Additionally, the report found that legislative change is a major cause of complexity, particularly if it happens suddenly and requires a substantial effort to adapt to new practices and rates.

“In Ecuador, political instability has led to frequent changes in tax legislation with almost immediate ramifications, such as the recent increase in the withholding tax rate. In Greece, about 70 new tax laws are introduced every year, typically in March or April, which are applied retroactively to the start of the calendar year. Companies are forced to retrofit their accounts and tax submissions to comply with these changes.”

But some state institutions around the world are attempting to act more as a partner to businesses as the number of jurisdictions that require mandatory audits of company accounts has decreased, it states.

“In 2020, 12% of jurisdictions require all companies to have their accounts audited, compared to 17% the previous year. The jurisdictions driving this trend are Bolivia, India, Luxembourg, Malaysia and Ukraine.

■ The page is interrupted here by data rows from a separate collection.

Definition form2_eq_on (W : Dom4) (a b : form2) : Prop :=
  forall x y u v, W x y u v ->
    f2_xy a x y u v = f2_xy b x y u v /\ f2_xxd a x y u v = f2_xxd b x y u v /\
    f2_xyd a x y u v = f2_xyd b x y u v /\ f2_yxd a x y u v = f2_yxd b x y u v /\
    f2_yyd a x y u v = f2_yyd b x y u v /\ f2_xdyd a x y u v = f2_xdyd b x y u v.

Definition alpha' (Ax Ay Bxx Bxy Byy : F4) : form2 :=
  Form2 (fun x y u v => / 2 * Dfun Ax Ay x y u v)
        Bxx Bxy Bxy Byy (fun _ _ _ _ => 0).

Definition omega (Ax Ay : F4) : form2 :=
  Form2 (fun x y _ _ => / 2 * Dfun Ax Ay x y 0 0)
        (fun _ _ _ _ => 0) (fun _ _ _ _ => 0) (fun _ _ _ _ => 0)
        (fun _ _ _ _ => 0) (fun _ _ _ _ => 0).

Definition kappa (Bxx Bxy Byy : F4) : form1 :=
  Form1 (fun x y xd yd => - (Rint (fun nu => Bxx x y nu yd) 0 xd
                             + Rint (fun s => Bxy x y 0 s) 0 yd))
        (fun x y xd yd => - (Rint (fun nu => Bxy x y nu yd) 0 xd
                             + Rint (fun s => Byy x y 0 s) 0 yd))
        (fun _ _ _ _ => 0) (fun _ _ _ _ => 0).

(** Everything is a pointwise identity on the chart domain
    W, an open subset of R^4 with coordinates (x, y, xd, yd).
    - The coefficients of kappa are sums of segment integrals of the B's. *)

From Stdlib Require Import Reals Lra ClassicalEpsilon.
From Coquelicot Require Import Coquelicot.
Open Scope R_scope.

(** Points of R^4 and coordinate-wise access, so that one argument covers
    all four partial derivatives. *)
Definition point := (R * R * R * R)%type.
Inductive idx := Ix | Iy | Ixd | Iyd.

Definition coord (i : idx) (p : point) : R :=
  match p with (x, y, u, v) =>
    match i with Ix => x | Iy => y | Ixd => u | Iyd => v end end.

Definition with_coord (i : idx) (t : R) (p : point) : point :=
  match p with (x, y, u, v) =>
    match i with
    | Ix => (t, y, u, v) | Iy => (x, t, u, v)
    | Ixd => (x, y, t, v) | Iyd => (x, y, u, t)
    end end.

Definition ev (f : F4) (p : point) : R := match p with (x, y, u, v) => f x y u v end.
Definition inW (W : Dom4) (p : point) : Prop := match p with (x, y, u, v) => W x y u v end.

Definition pd (i : idx) (f : F4) : F4 :=
  match i with Ix => pd_x f | Iy => pd_y f | Ixd => pd_xd f | Iyd => pd_yd f end.

Definition kron (i j : idx) : R :=
  match i, j with
  | Ix, Ix | Iy, Iy | Ixd, Ixd | Iyd, Iyd => 1
  | _, _ => 0
  end.

Ltac by_coords :=
  repeat match goal with
  | q : point |- _ => destruct q as [[[? ?] ?] ?]
  | i : idx |- _ => destruct i
  end; simpl; try congruence; try reflexivity.

Ltac simpl_coords := cbn [ev with_coord coord pd inW] in *.

Lemma idx_dec (i j : idx) : {i = j} + {i <> j}.
Proof. decide equality. Qed.

Lemma coord_with i t p : coord i (with_coord i t p) = t.
Proof. by_coords. Qed.

Lemma coord_with_ne i j t p : i <> j -> coord i (with_coord j t p) = coord i p.
Proof. by_coords. Qed.

Lemma with_with i t s p : with_coord i t (with_coord i s p) = with_coord i t p.
Proof. by_coords. Qed.

Lemma with_coord_id i p : with_coord i (coord i p) p = p.
Proof. by_coords. Qed.

Definition close_to (d : R) (q p : point) : Prop := forall i, Rabs (coord i q - coord i p) < d.

Lemma close_to_with d i t p : 0 < d -> Rabs (t - coord i p) < d -> close_to d (with_coord i t p) p.
Proof.
  intros Hd Ht j. destruct (idx_dec j i) as [->|n].
  - rewrite coord_with; auto.
  - rewrite coord_with_ne; auto. unfold Rminus; rewrite Rplus_opp_r, Rabs_R0; auto.
Qed.

Lemma close_to_with2 d i j a b p : i <> j -> 0 < d ->
  Rabs (a - coord i p) < d -> Rabs (b - coord j p) < d ->
  close_to d (with_coord i a (with_coord j b p)) p.
Proof.
  intros n Hd Ha Hb k. destruct (idx_dec k i) as [->|n1].
  - rewrite coord_with; auto.
  - rewrite coord_with_ne; auto. destruct (idx_dec k j) as [->|n2].
    + rewrite coord_with; auto.
    + rewrite coord_with_ne; auto. unfold Rminus; rewrite Rplus_opp_r, Rabs_R0; auto.
Qed.

(** Specialisations of Coquelicot's derivative rules to real functions,
    stated with [+], unary [-] and [*] so that they apply by unification. *)
Lemma is_derive_plusR (f g : R -> R) (x a b : R) : is_derive f x a -> is_derive g x b ->
  is_derive (fun t => f t + g t) x (a + b).
Proof. intros; apply (is_derive_plus f g x a b); auto. Qed.

Lemma is_derive_oppR (f : R -> R) (x a : R) : is_derive f x a -> is_derive (fun t => - f t) x (- a).
Proof. intros; apply (is_derive_opp f x a); auto. Qed.

Lemma is_derive_multR (f g : R -> R) (x a b : R) : is_derive f x a -> is_derive g x b ->
  is_derive (fun t => f t * g t) x (a * g x + f x * b).
Proof. intros; apply (is_derive_mult f g x a b); auto. intros; apply Rmult_comm. Qed.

“In the Republic of Ireland, a comprehensive online taxation system allows authorities to choose to audit a company if its submissions look suspicious or are clearly incorrect, cutting down on audits for their own sake. Greater digitalisation of tax processes around the world in the wake of the Covid-19 pandemic is likely,” states the report.

The GBCI 2020 also finds that the least complex jurisdictions have used information and communications technology to enhance communication and contract mechanisms so that setting up and operating a business becomes much easier.

“Other jurisdictions will want to ensure that they are not left behind. Given that three in 10 jurisdictions do not currently make official submissions to the government electronically, many of them may not have the tools to adapt to an environment that increasingly relies on the latest technology.

“Such tools are a fundamental requirement for operating at full throttle in the global economy. The successful jurisdictions will be those that offer the common international practices preferred by overseas companies,” it adds.

Moreover, the coronavirus pandemic is likely to motivate international bodies to step up actions to coordinate and regulate trade across borders to benefit all stakeholders.

“With eight in 10 jurisdictions already signed up to the OECD’s Common Reporting Standard (CRS), there is a clear desire to continue participating in international regulatory alignment. It is likely that further global governance initiatives will follow in its wake.”

The OECD initiative is aimed at making sharing account data between financial institutions across borders more transparent.